I particularly enjoy this recipe due to its quick and easy preparation. It’s ideal when I’m short on time, as it is a simple yet satisfying solution.
Note: This post may contain affiliate links. Please read my privacy policy for more info. I may receive commissions for purchases made through links in this post. As an Amazon Associate, I earn from qualifying purchases.
How to cook the Chicken and Cashew Stir-Fry
The preparation for this dish is relatively simple and can be divided into a few steps as below. You can refer to the video at the bottom of this post for more details.
1. Marinate the chicken
To start, slice the boneless, skinless chicken thighs into bite-size pieces measuring approximately 1.5 inches. I prefer using chicken thigh meat for its tenderness, but if you prefer a leaner and healthier option, you can choose chicken breasts, which are lower in fat.
In Chinese cooking, marinating the meat is crucial to infuse it with flavor. I use a combination of basic Cantonese-style seasonings for this recipe.
Here are the steps:
- Cut the chicken into bite-sized pieces, about 1.5 inches in length.
- Marinate the chicken pieces with light soy sauce, salt, and white pepper.
- Coat it with cornstarch and oil to seal all the flavor inside.

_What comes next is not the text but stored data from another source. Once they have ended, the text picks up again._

Lemma sum_points_on_variance P :
  \sum_(l in unit_lines) (#|points_on P l|%:R - #|P|%:R / #|[set: R]|%:R) ^+ 2
    <= 2 * #|P|%:R * #|[set: R]|%:R * #|M|%:R :> F.
Proof.
rewrite sum_sqr_sub.
have sum1 : \sum_(l in unit_lines) #|points_on P l|%:R = (#|P| * #|unit_set|)%:R :> F.
  by rewrite -natr_sum -card_incidences card_incidences_unit_lines.
have sum2 : \sum_(l in unit_lines) #|points_on P l|%:R ^+ 2
    <= ((#|P| + #|unit_set| * #|M|) * #|P|)%:R :> F.
  rewrite (eq_bigr (fun l => (#|points_on P l| ^ 2)%N%:R)); last by move=> l _; rewrite natrX.
  by rewrite -natr_sum ler_nat sum_points_on_sqr.
have card_lines : #|unit_lines| = (#|unit_set| * #|[set: R]|)%N.
  by rewrite -cardsX; apply: eq_card => -[a b]; rewrite !inE andbT.
have card_R : (#|[set: R]| <= #|unit_set| + #|M|)%N.
  rewrite cardsT -(cardsC unit_set) leq_add2l; apply: subset_leq_card.
  by apply/subsetP => x; rewrite !inE => /nonunit_M.
have card_P : (#|P| <= #|[set: R]| * #|[set: R]|)%N.
  by rewrite cardsT -card_prod -cardsT subset_leq_card // subsetT.
have card_U : (#|unit_set| <= #|[set: R]|)%N by rewrite subset_leq_card // subsetT.
have n_gt0 : 0 < #|[set: R]|%:R :> F by rewrite ltr0n; apply/card_gt0P; exists 0; rewrite inE.
move: sum2 card_R card_P card_U; rewrite sum1 card_lines -!(ler_nat F) !natrM !natrD natrM.
move: n_gt0; set s2 := \sum_(l in unit_lines) _.
set n := #|[set: R]|%:R; set p := #|P|%:R; set t := #|unit_set|%:R; set m := #|M|%:R.
move=> n_gt0 sum2 card_R card_P card_U.
have p_ge0 : 0 <= p by rewrite ler0n.
have t_ge0 : 0 <= t by rewrite ler0n.
have m_ge0 : 0 <= m by rewrite ler0n.
rewrite -(ler_pM2r n_gt0).
have -> : (s2 - 2 * (p / n) * (p * t) + t * n * (p / n) ^+ 2) * n = s2 * n - p * p * t.
  by field; rewrite gt_eqF.
have le_s2 : s2 * n <= (p + t * m) * p * n by rewrite ler_pM2r.
have le_nonunits : p * p * (n - t) <= p * p * m.
  by apply: ler_wpM2l; [rewrite mulr_ge0 | rewrite lerBlDl].
have le_p2m : p * p * m <= n * n * p * m by apply: ler_wpM2r => //; apply: ler_wpM2r.
have le_tm : t * m * p * n <= n * m * p * n.
  by rewrite -!mulrA; apply: ler_wpM2r => //; rewrite !mulr_ge0 // ltW.
clearbody n p t m s2; nra.
Qed.

Lemma incidence_bound (P L : {set R * R}) (lam : F) : 0 < lam -> L \subset unit_lines ->
  #|incidences P L|%:R <= #|L|%:R * #|P|%:R / #|[set: R]|%:R + #|L|%:R * lam
     + #|P|%:R * #|[set: R]|%:R * #|M|%:R / (2 * lam).
Proof.
move=> lam_gt0 sLU; rewrite card_incidences natr_sum.
apply: le_trans (sum_le_of_sum_sqr_sub lam_gt0 sLU (sum_points_on_variance P)) _.
rewrite mulrA lerD2l le_eqVlt; apply/orP; left; apply/eqP.
by field; rewrite gt_eqF.
Qed.

End AffineLines.

Section FinalEstimate.
Local Open Scope ring_scope.
Variable F : realFieldType.

Lemma le_two_terms_of_incidence_bound (a b m K I l p X n nz : F) :
  1 <= K -> 0 < a -> 0 < b -> 0 < m -> 0 < n -> 0 < nz -> 0 <= l -> 0 <= p ->
  a * b * m <= K * I ->
  (forall lam, 0 < lam -> I <= l * p / n + l * lam + p * nz / (2 * lam)) ->
  l <= K * m * b -> p <= X ->
  a * b * m <= 2 * (K ^+ 2 * m * b * X / n) + 2 * (K ^+ 3 * X * nz / a).
Proof.
move=> K_ge1 a_gt0 b_gt0 m_gt0 n_gt0 nz_gt0 l_ge0 p_ge0 le_I incidence le_l le_p.
have K_gt0 : 0 < K by apply: lt_le_trans K_ge1.
(* [lam = a / (2 K^2)] makes the middle term at most [a b m / 2]. *)
have lam_gt0 : 0 < a / (2 * K ^+ 2) by rewrite divr_gt0 // mulr_gt0 // exprn_gt0.
have le_KI := ler_wpM2l (ltW K_gt0) (incidence _ lam_gt0).
have term1 : K * (l * p / n) <= K ^+ 2 * m * b * X / n.
  rewrite mulrA; apply: ler_wpM2r; first by rewrite invr_ge0 ltW.
  have -> : K ^+ 2 * m * b * X = K * (K * m * b * X) by ring.
  by rewrite ler_pM2l // ler_pM.
have term2 : K * (l * (a / (2 * K ^+ 2))) <= a * b * m / 2.
  have -> : K * (l * (a / (2 * K ^+ 2))) = l * (a / (2 * K)) by field; rewrite gt_eqF.
  apply: le_trans (ler_wpM2r _ le_l) _; first by rewrite divr_ge0 ?mulr_ge0 ?ltW.
  by rewrite le_eqVlt; apply/orP; left; apply/eqP; field; rewrite gt_eqF.
have term3 : K * (p * nz / (2 * (a / (2 * K ^+ 2)))) <= K ^+ 3 * X * nz / a.
  have -> : K * (p * nz / (2 * (a / (2 * K ^+ 2)))) = K ^+ 3 * p * nz / a.
    by field; rewrite !gt_eqF.
  apply: ler_wpM2r; first by rewrite invr_ge0 ltW.
  apply: ler_wpM2r; first exact: ltW.
  by rewrite ler_pM2l // exprn_gt0.
rewrite !mulrDr in le_KI; lra.
Qed.

Lemma min_le_of_le_two_terms (a b m K X Y n nz : F) :
  1 <= K -> 0 < a -> 0 < b -> 0 < m -> 0 < n -> 0 < nz -> 0 <= X -> b <= Y ->
  a * b * m <= 2 * (K ^+ 2 * m * b * X / n) + 2 * (K ^+ 3 * X * nz / a) ->
  Num.min (n * a * b) (a ^+ 2 * b ^+ 2 * m / nz) <= 4 * K ^+ 3 * (X * Y).
Proof.
move=> K_ge1 a_gt0 b_gt0 m_gt0 n_gt0 nz_gt0 X_ge0 le_b split.
have K_gt0 : 0 < K by apply: lt_le_trans K_ge1.
have le_XY : X * b <= X * Y := ler_wpM2l X_ge0 le_b.
have XY_ge0 : 0 <= X * Y := le_trans (mulr_ge0 X_ge0 (ltW b_gt0)) le_XY.
have K2_ge0 : 0 <= K ^+ 2 by rewrite exprn_ge0 // ltW.
have K2_le_K3 : K ^+ 2 <= K ^+ 3 by apply: ler_weXn2l.
set S := K ^+ 2 * m * b * X / n in split; set T := K ^+ 3 * X * nz / a in split.
have [le_TS|le_ST] := lerP T S.
- rewrite ge_min; apply/orP; left.
  have : (n * a) * (m * b) <= (4 * K ^+ 2 * X) * (m * b).
    have -> : 4 * K ^+ 2 * X * (m * b) = 4 * S * n by rewrite /S; field; rewrite gt_eqF.
    have -> : n * a * (m * b) = a * b * m * n by ring.
    by apply: ler_wpM2r; [exact: ltW | lra].
  rewrite ler_pM2r ?mulr_gt0 // => le_na.
  apply: le_trans (ler_wpM2r (ltW b_gt0) le_na) _; nra.
- rewrite ge_min; apply/orP; right.
  rewrite ler_pdivrMr //.
  have : (a ^+ 2 * b * m) * b <= (4 * K ^+ 3 * X * nz) * b.
    apply: ler_wpM2r; first exact: ltW.
    have -> : 4 * K ^+ 3 * X * nz = 4 * T * a by rewrite /T; field; rewrite gt_eqF.
    have -> : a ^+ 2 * b * m = a * b * m * a by ring.
    by apply: ler_wpM2r; [exact: ltW | lra].
  have -> : a ^+ 2 * b * m * b = a ^+ 2 * b ^+ 2 * m by ring.
  move=> le_ab; apply: le_trans le_ab _.
  have -> : 4 * K ^+ 3 * X * nz * b = nz * (4 * K ^+ 3 * (X * b)) by ring.
  by rewrite [_ * nz]mulrC ler_pM2l // ler_pM2l ?mulr_gt0 ?exprn_gt0.
Qed.
End FinalEstimate.

Lemma card_le_setmul (R : finComUnitRingType) (B C : {set R}) (c : R) :
  c \in C -> c \is a GRing.unit -> #|B| <= #|setmul B C|.
Proof.
move=> cC cU; rewrite -(@card_in_imset _ _ ( *%R^~ c) B); last by move=> y y' _ _; apply: mulIr.
by apply: subset_leq_card; apply/subsetP => l /imsetP[y yB ->]; apply/imset2P; exists y c.
Qed.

- Set aside for half an hour before use.
2. Prepare other ingredients of the cashew chicken stir-fry recipe
I prefer adding various vegetables to the stir-fry to create a more well-rounded meal. Typically, I include bell peppers and onions for their flavors and textures, but I also like to use celery to introduce a delightful crunch. Feel free to experiment and include other vegetables of your preference. I prefer to select a diverse mix of vegetables with vibrant colors and distinct textures to enhance the presentation and mouthfeel. For example, I like to include mushrooms in the stir-fry to enhance flavor and presentation.
If you use roasted cashews, you can skip toasting them in the pan. Additionally, it’s essential to check whether the cashew nuts are unsalted cashews, as this may require adjusting the amount of salt accordingly.
Here are the steps
- Cut the bell pepper into strips, the celery on the bias into strips, the onion into cubes, and the green onions into thin rings.
- Place the cashews in a dry skillet over medium heat and toast them until golden brown and fragrant. Remove them from the pan and set aside.
- Prepare the stir-fry sauce. The sauce ingredients are light soy sauce, fish sauce, brown sugar, lime juice, fresh garlic (minced), and chili flakes.
3. Stir-fry the chicken
Next, heat the vegetable oil in a large nonstick skillet or wok. Place the marinated chicken in the pan and stir-fry over low heat, then gradually increase to medium-high heat. It will take about five minutes. Remove the chicken when it turns light golden. Do not overcook, especially if you use breasts to get the juicy chicken meat.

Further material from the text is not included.